Recently, we at Alexander Babbage have been reviewing ROI that shopping centers can reap when they invest in research. Today, we are looking at how shopping centers are using big data to increase their bargaining power.
For years now, retailers have used online sales, member programs and credit card transactions to build sophisticated customer files By combining that information with traditional trade areas, they can determine where their brick-and-mortar stores are going to thrive and make site selections decisions with a higher level of confidence. It’s put developers at a disadvantage because they don’t have a traditional “customer’—a shopper file with key metrics including frequency of visits or dwell time.
With big data and tools like TruTrade™, developers have access to this information not only for their own shoppers but for their competitors’ centers, too. The ability to compare frequency, spend, and where the shoppers are actually coming from with competing developments allows the pendulum to swing back in the developers’ favor.

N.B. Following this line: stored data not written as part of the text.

Lemma disjoint_side_preserving_iso : [disjoint lside P1 P2 & f @^-1: lside Q1 Q2] ->
  exists phi, misom phi /\ side_preserving P1 P2 Q1 Q2 phi.
Proof.
move=> dis; have [X0 X_sub _] := axX.
have [|t St] := lside_singleton axP1 irrP1 P2_0 splitting_preim_lside dis.
  rewrite -(can2_imset_pre _ gK fK) (card_imset _ (can_inj gK)) card_lside.
  by case: irrQ1.
have dis' : [disjoint lside Q1 Q2 & f @: lside P1 P2].
  rewrite (can2_imset_pre _ fK gK) disjoint_subset; apply/subsetP => z zL.
  by rewrite !inE (disjointFl dis) // inE gK.
have split_fS := misom_splitting iso_f (lside_splitting P1_0 P2_0).
have [|u Su] := lside_singleton axQ1 irrQ1 Q2_0 split_fS dis'.
  by rewrite (card_imset _ (can_inj fK)) card_lside; case: irrP1.
set a := inl t : mtype X; set b := g (inl u).
have eS' : f @^-1: lside Q1 Q2 = [set b] by rewrite Su -(can2_imset_pre _ gK fK) imset_set1.
have nab : a != b by move: dis; rewrite St eS' disjoints1 inE.
have split_a : splitting [set a] by rewrite -St; apply: lside_splitting.
have split_b : splitting [set b] by rewrite -eS'; apply: splitting_preim_lside.
exists (f \o tperm a b); split.
  exact: misom_comp (tperm_misom X0 X_sub nab split_a split_b) iso_f.
move=> z /=; rewrite St; move/setP/(_ (tperm a b z)): eS'; rewrite !inE => ->.
by rewrite -[b in _ == b](tpermL a b) (inj_eq perm_inj).
Qed.

Lemma side_preserving_iso : exists phi, misom phi /\ side_preserving P1 P2 Q1 Q2 phi.
Proof.
have [_ X_sub _] := axX.
have split_K := splittingI X_sub (lside_splitting P1_0 P2_0) splitting_preim_lside.
case: (irreducible_lside_splitting axP1 irrP1 split_K (subsetIl _ _)) => [K0|KS].
  by apply: disjoint_side_preserving_iso; rewrite -setI_eq0 K0.
by exists f; split=> //; apply: nested_side_preserving; rewrite -KS subsetIr.
Qed.

End SideIso.

Lemma fp_cancel (P1 P2 Q1 Q2 : matroid) :
  matroid_axioms (freeprod P1 P2) -> matroid_axioms P1 -> matroid_axioms Q1 ->
  irreducible P1 -> irreducible Q1 -> mindep P2 set0 -> mindep Q2 set0 ->
  miso (freeprod P1 P2) (freeprod Q1 Q2) -> miso P1 Q1 /\ miso P2 Q2.
Proof.
move=> axX axP1 axQ1 irrP1 irrQ1 P2_0 Q2_0 [f iso_f]; have [g fK gK] := iso_f.1.
have [phi [iso_phi side_phi]] :=
  side_preserving_iso axX axP1 axQ1 irrP1 irrQ1 P2_0 Q2_0 iso_f fK gK.
by apply: (misom_fp_components iso_phi side_phi); case: axP1.
Qed.

Lemma miso_fp_empty (M : matroid) : miso M (freeprod M empty_matroid).
Proof.
exists inl; split=> [|A]; last exact: mindep_fp_inl.
apply: inj_card_bij => [? ? [] //|].
by have := card_sum (mtype M) void; rewrite card_void addn0 => /eq_leq.
Qed.

Lemma miso_bigfp_cons (M : matroid) (s : seq matroid) :
  miso (bigfp (M :: s)) (freeprod M (bigfp s)).
Proof. by case: s => [|N s]; [apply: miso_fp_empty | apply: miso_refl]. Qed.

Lemma card_bigfp_cons (M : matroid) (s : seq matroid) :
  #|mtype (bigfp (M :: s))| = #|mtype M| + #|mtype (bigfp s)|.
Proof. by rewrite (miso_card (miso_bigfp_cons M s)) card_sum. Qed.

Lemma mindep_bigfp0 (s : seq matroid) :
  (forall N, List.In N s -> mindep N set0) -> mindep (bigfp s) set0.
Proof.
case: s => [|M [|N s]] indep0 //=; first exact: indep0 M (or_introl erefl).
by apply: mindep_fp0; apply: indep0; left.
Qed.

Definition irreducible_factors (s : seq matroid) : Prop :=
  forall N, List.In N s -> matroid_axioms N /\ irreducible N.

Lemma irreducible_factors_cons (M : matroid) (s : seq matroid) :
  irreducible_factors (M :: s) ->
  [/\ matroid_axioms M, irreducible M, irreducible_factors s & mindep (bigfp s) set0].
Proof.
move=> irr_Ms; have [axM irrM] := irr_Ms M (or_introl erefl).
have irr_s : irreducible_factors s by move=> N sN; apply: irr_Ms; right.
by split=> //; apply: mindep_bigfp0 => N /irr_s[[]].
Qed.

Lemma card_bigfp_gt0 (M : matroid) (s : seq matroid) :
  irreducible_factors (M :: s) -> 0 < #|mtype (bigfp (M :: s))|.
Proof.
case/irreducible_factors_cons=> _ [M_gt0 _] _ _.
by rewrite card_bigfp_cons; apply: leq_trans M_gt0 (leq_addr _ _).
Qed.

Lemma unique_factorization (ms ns : seq matroid) :
  irreducible_factors ms -> irreducible_factors ns ->
  matroid_axioms (bigfp ms) -> miso (bigfp ms) (bigfp ns) ->
  size ms = size ns /\
  forall i, i < size ms -> miso (nth empty_matroid ms i) (nth empty_matroid ns i).
Proof.
elim: ms ns => [|M ms IH] [|N ns] irr_ms irr_ns ax_ms iso_mn //.
- by have := card_bigfp_gt0 irr_ns; rewrite -(miso_card iso_mn) /= card_void.
- by have := card_bigfp_gt0 irr_ms; rewrite (miso_card iso_mn) /= card_void.
have [axM irrM irr_ms' ms0] := irreducible_factors_cons irr_ms.
have [axN irrN irr_ns' ns0] := irreducible_factors_cons irr_ns.
have ax_fp := miso_axioms (miso_bigfp_cons M ms) ax_ms.
have iso_fp : miso (freeprod M (bigfp ms)) (freeprod N (bigfp ns)).
  exact: miso_trans (miso_sym (miso_bigfp_cons M ms)) (miso_trans iso_mn (miso_bigfp_cons N ns)).
have [isoMN iso_rest] := fp_cancel ax_fp axM axN irrM irrN ms0 ns0 iso_fp.
have [M0 _ _] := axM.
have [size_eq nth_iso] := IH ns irr_ms' irr_ns' (fp_right_axioms M0 ms0 ax_fp) iso_rest.
by split=> [|[|i]]; rewrite /= ?size_eq // ltnS -size_eq; apply: nth_iso.
Qed.

Unset Implicit Arguments.

Theorem theorem6p17 (M : matroid) (ms ns : seq matroid) :
  matroid_axioms M ->
  (forall Mi, List.In Mi ms -> matroid_axioms Mi /\ irreducible Mi) ->
  (forall Nj, List.In Nj ns -> matroid_axioms Nj /\ irreducible Nj) ->
  miso M (bigfp ms) ->
  miso M (bigfp ns) ->
  size ms = size ns /\
  forall i, i < size ms -> miso (nth empty_matroid ms i) (nth empty_matroid ns i).
Proof.
move=> axM irr_ms irr_ns iso_ms iso_ns.
apply: unique_factorization irr_ms irr_ns (miso_axioms iso_ms axM) _.
exact: miso_trans (miso_sym iso_ms) iso_ns.
Qed.
Lemma ball_family_infinite : infinite (ball_family f A c).
Proof. exact (infinite_of_no_finite_subcover ball_family_covers Hno). Qed.

Lemma ball_family_gamma_cover : gamma_cover (ball_family f A c).
Proof.
  replace (ball_family f A c)
    with (fun W => exists V, ball_family f A c V /\ W = (fun V => V) V).
  - apply gamma_cover_image.
    + exact ball_family_infinite.
    + exact (no_full_member_of_no_finite_subcover Hno).
    + auto.
    + intro x; apply (finite_incl _ _
        (finite_image _ (fun g y => Rabs (g y - f y) < c) (Gamma_f_finite_far x HA Hc))).
      intros V [[g [Ag ->]] Vx]; exists g; auto.
  - apply pred_ext; intro W; split; [intros [V [HV ->]]; exact HV | exists W; auto].
Qed.

Lemma ball_family_Gamma_F : Gamma_F (ball_family f A c).
Proof.
  destruct (functional_choice (fun V g => ball_family f A c V ->
              A g /\ V = (fun x => Rabs (g x - f x) < c))) as [center Hcenter].
  { intro V; destruct (classic (ball_family f A c V)) as [[g Hg]|HV];
      [exists g; auto | exists f; tauto]. }
  assert (Cg : forall g, A g -> continuous g) by apply HA.
  split; [exact ball_family_gamma_cover | split].
  - intros V [g [Ag ->]].
    apply (cozero_set_of_pos (fun x => c - Rabs (g x - f x))); [|intro x; lra].
    apply continuous_minus; [apply continuous_const|].
    apply continuous_abs, continuous_minus; auto.
  - exists (fun V x => Rabs (center V x - f x) <= c / 2); split.
    + intros V HV; destruct (Hcenter V HV) as [Ag HVg]; split.
      * apply (zero_set_of_nonpos (fun x => Rabs (center V x - f x) - c / 2));
          [|intro x; lra].
        apply continuous_minus; [|apply continuous_const].
        apply continuous_abs, continuous_minus; auto.
      * intros x Hx; rewrite HVg; lra.
    + apply gamma_cover_image.
      * exact ball_family_infinite.
      * exact (no_full_member_of_no_finite_subcover Hno).
      * intros V x HV Hx; destruct (Hcenter V HV) as [_ ->]; lra.
      * intro x; assert (Hc2 : c / 2 > 0) by lra.
        apply (finite_incl _ _
          (finite_image _ (fun g y => Rabs (g y - f y) < c) (Gamma_f_finite_far x HA Hc2))).
        intros V [HV Hfar]; destruct (Hcenter V HV) as [Ag HVg].
        exists (center V); repeat split; auto; lra.
Qed.

End BallFamily.

Definition eventually_covers {X : Topology} (L : nat -> list (X -> Prop)) : Prop :=
  forall x : X, exists N, forall n, (n >= N)%nat -> exists V, In V (L n) /\ V x.

Lemma eventually_covers_list {X : Topology} (L : nat -> list (X -> Prop)) (K : list X) :
  eventually_covers L ->
  exists N, forall n, (n >= N)%nat -> forall x, In x K -> exists V, In V (L n) /\ V x.
Proof.
  intro HL; induction K as [|y K [N1 H1]].
  - exists 0%nat; intros n _ x [].
  - destruct (HL y) as [N2 H2]; exists (max N1 N2); intros n Hn x [<-|Hx].
    + apply H2; lia.
    + apply H1; [lia | exact Hx].
Qed.

(* The selection principle applied along the indices satisfying [P] only:
   the remaining indices are filled with a fixed [P]-index. *)
Lemma X_Ufin_GF_G_restrict {X : Topology} (Us : nat -> (X -> Prop) -> Prop) (P : nat -> Prop) :
  X_Ufin_GF_G X ->
  (forall n, P n -> Gamma_F (Us n) /\ ~ has_finite_subcover (Us n)) ->
  exists L : nat -> list (X -> Prop), (forall n V, P n -> In V (L n) -> Us n V) /\
    forall x, exists N, forall n, (n >= N)%nat -> P n -> exists V, In V (L n) /\ V x.
Proof.
  intros HX HP; destruct (classic (exists n0, P n0)) as [[n0 Pn0]|Hnone].
  - set (Us' := fun n => if excluded_middle_informative (P n) then Us n else Us n0).
    destruct (HX Us') as [L [LUs' Lcov]];
      try (intro n; unfold Us'; destruct (excluded_middle_informative (P n)); apply HP; auto).
    exists L; split.
    + intros n V Pn HV; specialize (LUs' n V HV); unfold Us' in LUs'.
      destruct (excluded_middle_informative (P n)); tauto.
    + intro x; destruct (Lcov x) as [N HN]; exists N; auto.
  - exists (fun _ => nil); split.
    + intros n V _ [].
    + intro x; exists 0%nat; intros n _ Pn; exfalso; eauto.
Qed.

Lemma X_Ufin_GF_G_selection {X : Topology} (Us : nat -> (X -> Prop) -> Prop) :
  X_Ufin_GF_G X ->
  (forall n, ~ has_finite_subcover (Us n) -> Gamma_F (Us n)) ->
  exists L : nat -> list (X -> Prop), (forall n V, In V (L n) -> Us n V) /\ eventually_covers L.
Proof.
  intros HX HG; set (P := fun n => ~ has_finite_subcover (Us n)).
  destruct (X_Ufin_GF_G_restrict Us P HX) as [L [LUs Lcov]]; [unfold P; auto|].
  destruct (functional_choice (fun n l => ~ P n ->
      (forall V, In V l -> Us n V) /\ forall x : X, exists V, In V l /\ V x)) as [sub Hsub].
  { intro n; destruct (classic (P n)) as [Pn|Pn];
      [exists nil; tauto | apply NNPP in Pn; destruct Pn as [l Hl]; exists l; auto]. }
  exists (fun n => if excluded_middle_informative (P n) then L n else sub n); split.
  - intros n V; destruct (excluded_middle_informative (P n)) as [Pn|Pn];
      [apply LUs, Pn | apply (Hsub n Pn)].
  - intro x; destruct (Lcov x) as [N HN]; exists N; intros n Hn.
    destruct (excluded_middle_informative (P n)) as [Pn|Pn]; [auto | apply (Hsub n Pn)].
Qed.
Lemma closed_range_arens_embed : closed (range arens_embed).
Proof.
rewrite closedE => Y nnY; apply: contrapT => nY; apply: nnY.
have [s [t eY]] := F2_pairE Y; rewrite {Y}eY in nY *.
wlog: s t nY / s = None => [hw | s0].
  case: s nY => [a|] nY; last exact: hw.
  case: t nY => [b|] nY; last by rewrite F2pairC in nY *; exact: hw.
  have oab := open_F2pair_set1 (open_fan_set1 a) (open_fan_set1 b).
  by apply: filterS (open_nbhs_nbhs (conj oab erefl)) => _ ->.
rewrite {s}s0 in nY *; case: t nY => [[[|i] j]|] nY.
- by exfalso; apply: nY; exists (Some (j, None)) => //; exact: F2pairC.
- apply: filterS (nbhs_F2pair_None i (i.+1, j)).
  move=> Z [sub [z [+ ezb]]] [q _ eq]; rewrite ezb -eq.
  move=> /arens_embed_mem_snd eq'; rewrite -eq eq' in sub.
  case: (sub _ (or_introl erefl)) => [/fan_tail_Some /= | [] //].
  by rewrite ltnn.
- by exfalso; apply: nY; exists None.
Qed.

Lemma closed_embedding_arens_embed : closed_embedding arens_embed.
Proof.
apply/closed_embeddingE; split.
- exact: arens_embed_inj.
- exact: arens_embed_continuous.
- exact: closed_range_arens_embed.
- exact: arens_embed_initial_map.
Qed.

Theorem proposition3p8 (X : topologicalType) :
  hausdorff_space X -> regular_space X ->
  contains_closed_copy seq_fan X ->
  contains_closed_copy arens (F2 X).
Proof.
move=> _ _ [f f_ce]; exists (F2map f \o arens_embed).
exact: closed_embedding_comp closed_embedding_arens_embed
  (closed_embedding_F2map f_ce).
Qed.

What we’re seeing today is that data is an arms race. Retailers have bulked up on customer data, which benefits developers most when there are limited new properties coming to market—something we all saw between 2010 and 2015. But with a lot more development and redevelopment in the marketplace right now, there is more gross leasable area (GLA) coming to market. The smart developers are the ones stocking up on their own arms—in this case, their own data analytics—to put themselves on a level playing field with retailers and to ensure that they are pricing their space correctly. This gets deals done and maximizes their return on investment—not just their investment in research, but their investment in the property as a whole.
Stop bluffing and invest in big data—your deal-making will be better for it.